(* Project the identity of [distinguished_sum] to the odd part and compare
   its values at b0 and at the even part of b0. *)
Lemma distinguished_par1_eq0 b0 : phi b0 != 0 ->
  (forall b, phi (par0 HB b) = 0) ->
  (forall b, \sum_(p <- cop HB b) phi p.1 *: p.2 = phi b *: aB) ->
  par1 HB aB = 0.
Proof.
move=> phi_b0 phi_odd phi_aB.
pose F x y := phi x *: par1 HB y.
pose D b := \sum_(p <- cop HB b) F p.1 p.2.
have DE b : D b = phi b *: par1 HB aB.
  by rewrite -linearZ -phi_aB linear_sum; apply: eq_bigr => p _; rewrite /= linearZ.
have D_even : D (par0 HB b0) = D b0.
  have Fl y : linear (F^~ y) by move=> c u v; rewrite /F linearP scalerDl scalerA.
  have Fr x : linear (F x).
    by move=> c u v; rewrite /F linearP /= scalerDr !scalerA mulrC.
  rewrite /D (teq_bilinear Fl Fr (cop_even HB b0)) big_cat !big_map /=.
  rewrite big1 ?add0r => [|p _]; last by rewrite /F par1_par0 scaler0.
  by apply: eq_bigr => p _; rewrite /F par1_idem [phi _]linearB /= phi_odd subr0.
have : phi b0 *: par1 HB aB = 0 by rewrite -DE -D_even DE phi_odd scale0r.
by move/eqP; rewrite scaler_eq0 (negbTE phi_b0) => /eqP.
Qed.

End Integrals.

Lemma grouplike_anti (K : fieldType) (B : falgType K) (HB : superHopf B) g :
  grouplike HB g -> anti HB g = g^-1.
Proof.
move=> [g_cop g_cou].
have cop_g (F : B -> B -> B) : (forall y, linear (F^~ y)) -> (forall x, linear (F x)) ->
    \sum_(p <- cop HB g) F p.1 p.2 = F g g.
  by move=> Fl Fr; rewrite (teq_bilinear Fl Fr g_cop) big_seq1.
have anti_gg : anti HB g * g = 1.
  rewrite -(cop_g (fun x y => anti HB x * y)) ?anti_l ?g_cou ?scale1r //.
    by move=> y c u v; rewrite linearP /= mulrDl scalerAl.
  by move=> x c u v; rewrite mulrDr scalerAr.
have g_anti : g * anti HB g = 1.
  rewrite -(cop_g (fun x y => x * anti HB y)) ?anti_r ?g_cou ?scale1r //.
    by move=> y c u v; rewrite mulrDl scalerAl.
  by move=> x c u v; rewrite linearP /= mulrDr scalerAr.
have g_unit : g \is a GRing.unit by apply/unitrP; exists (anti HB g).
by rewrite -[LHS]mulr1 -(mulrV g_unit) mulrA anti_gg mul1r.
Qed.

Section HopfMap.
Variables (K : fieldType) (A : algType K) (B : falgType K).
Variables (HA : superHopf A) (HB : superHopf B) (q : A -> B).
Hypotheses (q_lin : linear q) (q1 : q 1 = 1) (qM : {morph q : x y / x * y}).
Hypothesis q_cop : forall x, teq (cop HB (q x)) [seq (q p.1, q p.2) | p <- cop HA x].
Hypothesis q_cou : forall x, cou HB (q x) = cou HA x.
Hypothesis q_par0 : forall x, q (par0 HA x) = par0 HB (q x).
HB.instance Definition _ := GRing.isLinear.Build K A B _ q q_lin.

Lemma sum_cop_hopf_map (V : lmodType K) (F : B -> B -> V) x :
  (forall y, linear (F^~ y)) -> (forall x, linear (F x)) ->
  \sum_(p <- cop HA x) F (q p.1) (q p.2) = \sum_(p <- cop HB (q x)) F p.1 p.2.
Proof. by move=> Fl Fr; rewrite (teq_bilinear Fl Fr (q_cop x)) big_map. Qed.

(* Both sides are convolution inverses of q in Hom(A, B); coassociativity
   makes that convolution associative. *)
Lemma hopf_map_anti a : q (anti HA a) = anti HB (q a).
Proof.
have anti_q_l x : \sum_(u <- cop HA x) anti HB (q u.1) * q u.2 = cou HA x *: 1.
  rewrite (@sum_cop_hopf_map _ (fun y z => anti HB y * z)) ?anti_l ?q_cou //.
    by move=> z c u v; rewrite linearP /= mulrDl scalerAl.
  by move=> y c u v; rewrite mulrDr scalerAr.
have q_anti_r x : \sum_(u <- cop HA x) q u.1 * q (anti HA u.2) = cou HA x *: 1.
  under eq_bigr do rewrite -qM.
  by rewrite -linear_sum anti_r linearZ /= q1.
have := teq3_mul (anti HB \o q) q (q \o anti HA) (cop_coassoc HA a).
rewrite !big_flatten !big_map /=.
under eq_bigr => j _ do rewrite big_map /= -mulr_suml anti_q_l -scalerAl mul1r.
under [X in _ = X -> _]eq_bigr => j _.
  rewrite big_map /=; under eq_bigr do rewrite -mulrA.
  by rewrite -mulr_sumr q_anti_r -scalerAr mulr1; over.
move=> coassoc.
rewrite -[in LHS](cou_l HA a) -[in RHS](cou_r HA a) !linear_sum /=.
under eq_bigr do rewrite !linearZ; under [in RHS]eq_bigr do rewrite !linearZ.
exact: coassoc.
Qed.

Lemma hopf_map_par1 x : q (par1 HA x) = par1 HB (q x).
Proof. by rewrite linearB /= q_par0. Qed.

Lemma hopf_map_anti_twist k x :
  q (anti HA (twist HA k x)) = anti HB (twist HB k (q x)).
Proof. by rewrite hopf_map_anti /twist linearB linearZ /= hopf_map_par1. Qed.

Variables (phi : B -> K) (aB : B).
Hypothesis phi_lin : lin_fun phi.
Hypothesis phi_left_integral :
  forall b, \sum_(p <- cop HB b) phi p.2 *: p.1 = phi b *: 1.
Hypothesis phi_aB : forall b, \sum_(p <- cop HB b) phi p.1 *: p.2 = phi b *: aB.
HB.instance Definition _ := GRing.isLinear.Build K B K^o *%R phi phi_lin.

================

= AIM OF THE TASK =
Reproduce the entries above in full by retyping them exactly.

= WRITTEN SOLUTION =
(* Project the identity of [distinguished_sum] to the odd part and compare
   its values at b0 and at the even part of b0. *)
Lemma distinguished_par1_eq0 b0 : phi b0 != 0 ->
  (forall b, phi (par0 HB b) = 0) ->
  (forall b, \sum_(p <- cop HB b) phi p.1 *: p.2 = phi b *: aB) ->
  par1 HB aB = 0.
Proof.
move=> phi_b0 phi_odd phi_aB.
pose F x y := phi x *: par1 HB y.
pose D b := \sum_(p <- cop HB b) F p.1 p.2.
have DE b : D b = phi b *: par1 HB aB.
  by rewrite -linearZ -phi_aB linear_sum; apply: eq_bigr => p _; rewrite /= linearZ.
have D_even : D (par0 HB b0) = D b0.
  have Fl y : linear (F^~ y) by move=> c u v; rewrite /F linearP scalerDl scalerA.
  have Fr x : linear (F x).
    by move=> c u v; rewrite /F linearP /= scalerDr !scalerA mulrC.
  rewrite /D (teq_bilinear Fl Fr (cop_even HB b0)) big_cat !big_map /=.
  rewrite big1 ?add0r => [|p _]; last by rewrite /F par1_par0 scaler0.
  by apply: eq_bigr => p _; rewrite /F par1_idem [phi _]linearB /= phi_odd subr0.
have : phi b0 *: par1 HB aB = 0 by rewrite -DE -D_even DE phi_odd scale0r.
by move/eqP; rewrite scaler_eq0 (negbTE phi_b0) => /eqP.
Qed.

End Integrals.

Lemma grouplike_anti (K : fieldType) (B : falgType K) (HB : superHopf B) g :
  grouplike HB g -> anti HB g = g^-1.
Proof.
move=> [g_cop g_cou].
have cop_g (F : B -> B -> B) : (forall y, linear (F^~ y)) -> (forall x, linear (F x)) ->
    \sum_(p <- cop HB g) F p.1 p.2 = F g g.
  by move=> Fl Fr; rewrite (teq_bilinear Fl Fr g_cop) big_seq1.
have anti_gg : anti HB g * g = 1.
  rewrite -(cop_g (fun x y => anti HB x * y)) ?anti_l ?g_cou ?scale1r //.
    by move=> y c u v; rewrite linearP /= mulrDl scalerAl.
  by move=> x c u v; rewrite mulrDr scalerAr.
have g_anti : g * anti HB g = 1.
  rewrite -(cop_g (fun x y => x * anti HB y)) ?anti_r ?g_cou ?scale1r //.
    by move=> y c u v; rewrite mulrDl scalerAl.
  by move=> x c u v; rewrite linearP /= mulrDr scalerAr.
have g_unit : g \is a GRing.unit by apply/unitrP; exists (anti HB g).
by rewrite -[LHS]mulr1 -(mulrV g_unit) mulrA anti_gg mul1r.
Qed.

Section HopfMap.
Variables (K : fieldType) (A : algType K) (B : falgType K).
Variables (HA : superHopf A) (HB : superHopf B) (q : A -> B).
Hypotheses (q_lin : linear q) (q1 : q 1 = 1) (qM : {morph q : x y / x * y}).
Hypothesis q_cop : forall x, teq (cop HB (q x)) [seq (q p.1, q p.2) | p <- cop HA x].
Hypothesis q_cou : forall x, cou HB (q x) = cou HA x.
Hypothesis q_par0 : forall x, q (par0 HA x) = par0 HB (q x).
HB.instance Definition _ := GRing.isLinear.Build K A B _ q q_lin.

Lemma sum_cop_hopf_map (V : lmodType K) (F : B -> B -> V) x :
  (forall y, linear (F^~ y)) -> (forall x, linear (F x)) ->
  \sum_(p <- cop HA x) F (q p.1) (q p.2) = \sum_(p <- cop HB (q x)) F p.1 p.2.
Proof. by move=> Fl Fr; rewrite (teq_bilinear Fl Fr (q_cop x)) big_map. Qed.

(* Both sides are convolution inverses of q in Hom(A, B); coassociativity
   makes that convolution associative. *)
Lemma hopf_map_anti a : q (anti HA a) = anti HB (q a).
Proof.
have anti_q_l x : \sum_(u <- cop HA x) anti HB (q u.1) * q u.2 = cou HA x *: 1.
  rewrite (@sum_cop_hopf_map _ (fun y z => anti HB y * z)) ?anti_l ?q_cou //.
    by move=> z c u v; rewrite linearP /= mulrDl scalerAl.
  by move=> y c u v; rewrite mulrDr scalerAr.
have q_anti_r x : \sum_(u <- cop HA x) q u.1 * q (anti HA u.2) = cou HA x *: 1.
  under eq_bigr do rewrite -qM.
  by rewrite -linear_sum anti_r linearZ /= q1.
have := teq3_mul (anti HB \o q) q (q \o anti HA) (cop_coassoc HA a).
rewrite !big_flatten !big_map /=.
under eq_bigr => j _ do rewrite big_map /= -mulr_suml anti_q_l -scalerAl mul1r.
under [X in _ = X -> _]eq_bigr => j _.
  rewrite big_map /=; under eq_bigr do rewrite -mulrA.
  by rewrite -mulr_sumr q_anti_r -scalerAr mulr1; over.
move=> coassoc.
rewrite -[in LHS](cou_l HA a) -[in RHS](cou_r HA a) !linear_sum /=.
under eq_bigr do rewrite !linearZ; under [in RHS]eq_bigr do rewrite !linearZ.
exact: coassoc.
Qed.

Lemma hopf_map_par1 x : q (par1 HA x) = par1 HB (q x).
Proof. by rewrite linearB /= q_par0. Qed.

Lemma hopf_map_anti_twist k x :
  q (anti HA (twist HA k x)) = anti HB (twist HB k (q x)).
Proof. by rewrite hopf_map_anti /twist linearB linearZ /= hopf_map_par1. Qed.

Variables (phi : B -> K) (aB : B).
Hypothesis phi_lin : lin_fun phi.
Hypothesis phi_left_integral :
  forall b, \sum_(p <- cop HB b) phi p.2 *: p.1 = phi b *: 1.
Hypothesis phi_aB : forall b, \sum_(p <- cop HB b) phi p.1 *: p.2 = phi b *: aB.
HB.instance Definition _ := GRing.isLinear.Build K B K^o *%R phi phi_lin.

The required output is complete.